U.S. Major Questions Doctrine Could Affect Privacy and Cybersecurity Rulemakings at the FTC and SEC

September 21, 2022

The U.S. Supreme Court’s decision in West Virginia v. EPA could affect upcoming rulemakings related to privacy and cybersecurity at the Federal Trade Commission (FTC) and Securities and Exchange Commission (SEC).

In the West Virginia decision, the Court invoked and formalized the “major questions doctrine,” which counsels that courts should be reluctant to conclude that agencies possess authority to resolve certain questions of significant economic or political significance absent clear congressional authorization. The West Virginia decision grounds the major questions doctrine in “an identifiable body of law that has developed over a series of significant cases a recurring problem: agencies asserting highly consequential power beyond what Congress could reasonably be understood to have granted.”1 Much like interpretive canons such as the presumption against retroactivity, the major questions doctrine reflects both “a practical understanding of legislative intent” and normative considerations — in this instance, “separation of powers principles.”2 Its underlying presumption is that “Congress intends to make major policy decisions itself, not leave those decisions to agencies.”3

In West Virginia, the Court applied the major questions doctrine to hold that the Environmental Protection Agency (EPA) had exceeded its statutory authority under the Clean Air Act to establish emissions standards with reference to a “best system of emission reduction” when it decided that the best system for reduction of carbon emissions from power plants was a sectorwide shift in electricity generation from coal to natural gas and renewables. The Court found that in adopting this generation-shifting approach, the EPA had impermissibly attempted to answer a “major question” without clear authorization to do so from Congress.

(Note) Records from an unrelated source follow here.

Lemma sum_card_indicator (T : finType) (A B : {set T}) (d n : nat) :
  B \subset A -> \sum_(x in A) d * (1 + n * (x \in B)) = d * (#|A| + n * #|B|).
Proof.
move=> sBA; rewrite -big_distrr /= big_split /= sum1_card -big_distrr /=.
congr (d * (_ + n * _)); rewrite -sum1_card big_mkcond [RHS]big_mkcond /=.
apply: eq_bigr => x _; case: ifP => [_|/negbT Ax]; first by case: (x \in B).
by rewrite (contraNF (subsetP sBA x) Ax).
Qed.

Local Open Scope ring_scope.

Section LinearForm2.
Variable F : finFieldType.
Local Notation q := #|F|.

Definition kernel2 (s1 s2 : F) := [set p : F * F | p.1 * s1 + p.2 * s2 == 0].

Lemma card_kernel2 (s1 s2 : F) :
  #|kernel2 s1 s2| = if (s1 == 0) && (s2 == 0) then (q * q)%N else q.
Proof.
have [s2_0|s2_neq0] := eqVneq s2 0; last first.
  have -> : kernel2 s1 s2 = [set (b, - (b * s1) / s2) | b in [set: F]].
    apply/setP => -[b g]; rewrite !inE /=.
    apply/eqP/imsetP => [E | [b' _ [-> ->]]]; last by rewrite mulfVK //; ring.
    exists b; rewrite ?inE //; congr (_, _); apply: (mulIf s2_neq0).
    by rewrite mulfVK //; apply/eqP; rewrite -addr_eq0 addrC E.
  by rewrite andbF card_imset ?cardsT // => b b' [].
have [s1_0|s1_neq0] := eqVneq s1 0.
  rewrite s1_0 s2_0 -card_prod; apply: eq_card => p.
  by rewrite !inE !mulr0 addr0 eqxx.
have -> : kernel2 s1 s2 = [set (0, g) | g in [set: F]].
  apply/setP => -[b g]; rewrite !inE /= s2_0 mulr0 addr0.
  rewrite mulf_eq0 (negPf s1_neq0) orbF.
  by apply/eqP/imsetP => [-> | [g' _ [-> _]] //]; exists g.
by rewrite card_imset ?cardsT // => g g' [].
Qed.

Lemma card_kernel2_nonzero (s1 s2 : F) :
  #|kernel2 s1 s2 :\ (0, 0)| = (q.-1 * (1 + q * ((s1 == 0) && (s2 == 0))%R))%N.
Proof.
have k0 : ((0, 0) : F * F) \in kernel2 s1 s2 by rewrite inE !mul0r addr0.
have := cardsD1 (0, 0) (kernel2 s1 s2); rewrite k0 /= add1n card_kernel2 => Ek.
have q_gt0 : (0 < q)%N by apply/card_gt0P; exists 0.
apply: succn_inj; rewrite -Ek.
by case: (_ && _); rewrite /= ?muln1 ?muln0; case: #|F| q_gt0 => // n _; ring.
Qed.

End LinearForm2.

Lemma det_mx22 (R : comNzRingType) (g : 'M[R]_2) : \det g = g 0 0 * g 1 1 - g 0 1 * g 1 0.
Proof.
rewrite (expand_det_row _ 0) !big_ord_recl big_ord0 addr0 /cofactor !det_mx11 !mxE /=.
rewrite expr0 expr1 mul1r mulN1r mulrN.
by congr (g _ _ * g _ _ - g _ _ * g _ _); apply: val_inj.
Qed.

Section FiniteGL.
Variable F : finFieldType.
Local Notation q := #|F|.

Lemma card_GL1 : #|[set g : 'M[F]_1 | g \in unitmx]| = q.-1.
Proof.
have inj : injective (fun a : F => (a%:M : 'M[F]_1)).
  by apply: (can_inj (g := fun g : 'M[F]_1 => g 0 0)) => a; rewrite mxE eqxx mulr1n.
rewrite -(cardC1 (0 : F)) -(card_imset _ inj); apply: eq_card => g; rewrite !inE.
rewrite unitmxE det_mx11 unitfE; apply/idP/imsetP => [g00 | [a]].
  by exists (g 0 0); rewrite ?inE // {1}[g]mx11_scalar.
by rewrite !inE => a_neq0 ->; rewrite mxE eqxx mulr1n.
Qed.

Lemma sum_card_unit_translates m n (I : {set 'M[F]_(m, n)}) :
  (\sum_(A : 'M[F]_(m, n)) #|[set g : 'M[F]_m | (g \in unitmx) && (g *m A \in I)]| =
   #|[set g : 'M[F]_m | g \in unitmx]| * #|I|)%N.
Proof.
under eq_bigr => A _ do rewrite -sum1dep_card big_mkcond.
rewrite exchange_big -sum_nat_const [RHS]big_mkcond /=; apply: eq_bigr => g _.
rewrite inE; case: (boolP (g \in unitmx)) => [g_unit|_] /=; last by rewrite big1.
rewrite -big_mkcond sum1dep_card -(card_preimset I (can_inj (mulKmx g_unit))).
by apply: eq_card => A; rewrite !inE.
Qed.

Lemma card_row_free_GL_stable m n (P : pred 'M[F]_(m, n)) :
  (forall A, P A -> row_free A) ->
  (forall A g, g \in unitmx -> P A -> P (g *m A)) ->
  #|[set A | P A]| = (#|[set g : 'M[F]_m | g \in unitmx]| *
                      #|[set (<<A>>%MS : 'M[F]_n) | A in [set A | P A]]|)%N.
Proof.
move=> P_free P_stable.
rewrite -sum1_card (partition_big_imset (fun A : 'M[F]_(m, n) => (<<A>>%MS : 'M[F]_n))) /=.
rewrite mulnC -sum_nat_const; apply: eq_bigr => _ /imsetP [A0 PA0 ->].
rewrite inE in PA0; rewrite sum1dep_card -(card_imset _ (row_free_inj (P_free _ PA0))).
apply: eq_card => A; rewrite !inE; apply/andP/imsetP.
  by move=> [PA /eqP /genmxP /eqmxMunitP [g g_unit ->]]; exists g; rewrite ?inE.
move=> [g]; rewrite inE => g_unit ->; split; first exact: P_stable.
by apply/eqP/genmxP/eqmxMunitP; exists g.
Qed.

Definition mx22 (p : (F * F) * (F * F)) : 'M[F]_2 :=
  \matrix_(i, j) if i == 0 then (if j == 0 then p.1.1 else p.1.2)
                 else (if j == 0 then p.2.1 else p.2.2).

Lemma card_mx22 (P : pred 'M[F]_2) : #|[set g | P g]| = #|[set p | P (mx22 p)]|.
Proof.
have mx22K : cancel mx22 (fun g => ((g 0 0, g 0 1), (g 1 0, g 1 1))).
  by move=> [[a b] [d e]]; rewrite !mxE.
have mx22_eta (g : 'M[F]_2) : g = mx22 ((g 0 0, g 0 1), (g 1 0, g 1 1)).
  apply/matrixP => -[[|[|//]] ?] [[|[|//]] ?]; rewrite !mxE /=;
    by congr (g _ _); apply: val_inj.
rewrite -(card_imset _ (can_inj mx22K)); apply: eq_card => g; rewrite inE.
apply/idP/imsetP => [Pg | [p]]; last by rewrite inE => + ->.
by exists ((g 0 0, g 0 1), (g 1 0, g 1 1)); rewrite ?inE -?mx22_eta.
Qed.

Lemma card_second_rows (r : F * F) : r != (0, 0) ->
  #|[set s : F * F | r.1 * s.2 - r.2 * s.1 != 0]| = (q * q.-1)%N.
Proof.
move=> r_neq0; have -> : [set s : F * F | r.1 * s.2 - r.2 * s.1 != 0] = ~: kernel2 (- r.2) r.1.
  by apply/setP => s; rewrite !inE mulrN (mulrC s.1) (mulrC s.2) addrC.
apply/eqP; rewrite -(eqn_add2l #|kernel2 (- r.2) r.1|) cardsC card_kernel2 card_prod.
have -> : (- r.2 == 0) && (r.1 == 0) = false.
  by move: r_neq0; rewrite oppr_eq0; apply: contraNF => /andP [/eqP b0 /eqP a0];
    case: r a0 b0 => a b /= -> ->.
have q_gt0 : (0 < q)%N by apply/card_gt0P; exists 0.
by case: #|F| q_gt0 => // n _; rewrite mulnS.
Qed.

Lemma card_GL2_first_row (a b : F) :
  #|[set g : 'M[F]_2 | (g \in unitmx) && (g 0 0 * a + g 0 1 * b == 0)]| =
  (q * q.-1 * #|kernel2 a b :\ (0, 0)%R|)%N.
Proof.
rewrite card_mx22 (eq_card (B := [set p : (F * F) * (F * F) |
   (p.1 \in kernel2 a b :\ (0, 0)) && (p.1.1 * p.2.2 - p.1.2 * p.2.1 != 0)])); last first.
  move=> [[r1 r2] [s1 s2]]; rewrite !inE unitmxE unitfE det_mx22 !mxE /= andbC.
  by case: ((r1, r2) =P (0, 0)) => [[-> ->]|_]; rewrite ?mul0r ?subrr ?eqxx ?andbF.
rewrite (card_dep_pairs (fun r s => (r \in kernel2 a b :\ (0, 0)) &&
                                    (r.1 * s.2 - r.2 * s.1 != 0))).
rewrite mulnC -sum_nat_const [RHS]big_mkcond /=; apply: eq_bigr => r _.
case: ifP => [/setD1P [r_neq0 _]|_].
  by rewrite -(card_second_rows r_neq0); apply: eq_card => s; rewrite !inE.
by apply/eqP; rewrite cards_eq0; apply/eqP/setP => s; rewrite !inE.
Qed.

Lemma card_GL2 : #|[set g : 'M[F]_2 | g \in unitmx]| = (q * q.-1 * (q.-1 * (1 + q)))%N.
Proof.
have := card_GL2_first_row 0 0; rewrite card_kernel2_nonzero eqxx /= muln1 => <-.
by apply: eq_card => g; rewrite !inE !mulr0 addr0 eqxx andbT.
Qed.

End FiniteGL.

Section OctonionCoordinates.
Variable L : finFieldType.

Definition mk8 (a0 a1 a2 a3 a4 a5 a6 a7 : L) : 'rV[L]_8 :=
  \row_(i < 8) nth 0 [:: a0; a1; a2; a3; a4; a5; a6; a7] i.

Lemma mk8_oc (x : 'rV[L]_8) :
  x = mk8 (oc x 0) (oc x 1) (oc x 2) (oc x 3) (oc x 4) (oc x 5) (oc x 6) (oc x 7).
Proof.
apply/rowP => i; rewrite mxE /oc.
by case: i => [[|[|[|[|[|[|[|[|//]]]]]]]] ?] /=; congr (x _ _); apply: val_inj; rewrite /= inordK.
Qed.

Lemma oc_mk8 a0 a1 a2 a3 a4 a5 a6 a7 (n : nat) : (n < 8)%N ->
  oc (mk8 a0 a1 a2 a3 a4 a5 a6 a7) n = nth 0 [:: a0; a1; a2; a3; a4; a5; a6; a7] n.
Proof. by move=> n_lt8; rewrite /oc !mxE inordK. Qed.

Lemma mk8_inj a0 a1 a2 a3 a4 a5 a6 a7 b0 b1 b2 b3 b4 b5 b6 b7 :
  mk8 a0 a1 a2 a3 a4 a5 a6 a7 = mk8 b0 b1 b2 b3 b4 b5 b6 b7 ->
  [/\ a0 = b0, a1 = b1, a2 = b2, a3 = b3 & [/\ a4 = b4, a5 = b5, a6 = b6 & a7 = b7]].
Proof.
move=> E; have coord n : (n < 8)%N -> nth 0 [:: a0; a1; a2; a3; a4; a5; a6; a7] n =
                                     nth 0 [:: b0; b1; b2; b3; b4; b5; b6; b7] n.
  by move=> n_lt8; rewrite -!oc_mk8 // E.
by split; [exact: (coord 0%N) | exact: (coord 1%N) | exact: (coord 2%N) | exact: (coord 3%N) |
  split; [exact: (coord 4%N) | exact: (coord 5%N) | exact: (coord 6%N) | exact: (coord 7%N)]].
Qed.

Lemma mk8_0 : (0 : 'rV[L]_8) = mk8 0 0 0 0 0 0 0 0.
Proof. by apply/rowP => -[[|[|[|[|[|[|[|[|//]]]]]]]] ?]; rewrite !mxE. Qed.

Lemma add_mk8 a0 a1 a2 a3 a4 a5 a6 a7 b0 b1 b2 b3 b4 b5 b6 b7 :
  mk8 a0 a1 a2 a3 a4 a5 a6 a7 + mk8 b0 b1 b2 b3 b4 b5 b6 b7 =
  mk8 (a0 + b0) (a1 + b1) (a2 + b2) (a3 + b3) (a4 + b4) (a5 + b5) (a6 + b6) (a7 + b7).
Proof. by apply/rowP => -[[|[|[|[|[|[|[|[|//]]]]]]]] ?]; rewrite !mxE. Qed.

Lemma scale_mk8 (a : L) a0 a1 a2 a3 a4 a5 a6 a7 :
  a *: mk8 a0 a1 a2 a3 a4 a5 a6 a7 =
  mk8 (a * a0) (a * a1) (a * a2) (a * a3) (a * a4) (a * a5) (a * a6) (a * a7).
Proof. by apply/rowP => -[[|[|[|[|[|[|[|[|//]]]]]]]] ?]; rewrite !mxE. Qed.

Lemma opp_mk8 a0 a1 a2 a3 a4 a5 a6 a7 :
  - mk8 a0 a1 a2 a3 a4 a5 a6 a7 = mk8 (- a0) (- a1) (- a2) (- a3) (- a4) (- a5) (- a6) (- a7).
Proof. by apply/rowP => -[[|[|[|[|[|[|[|[|//]]]]]]]] ?]; rewrite !mxE. Qed.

Although the decision did not reference or expressly reject the longstanding Chevron doctrine of deference to reasonable agency interpretations of ambiguous statutory authorizations, it will effectively serve to curtail that doctrine for those “extraordinary cases” that are governed by the major questions doctrine. In “major questions” cases, “something more than a merely plausible textual basis for the agency action is necessary” to sustain the agency’s authority to act.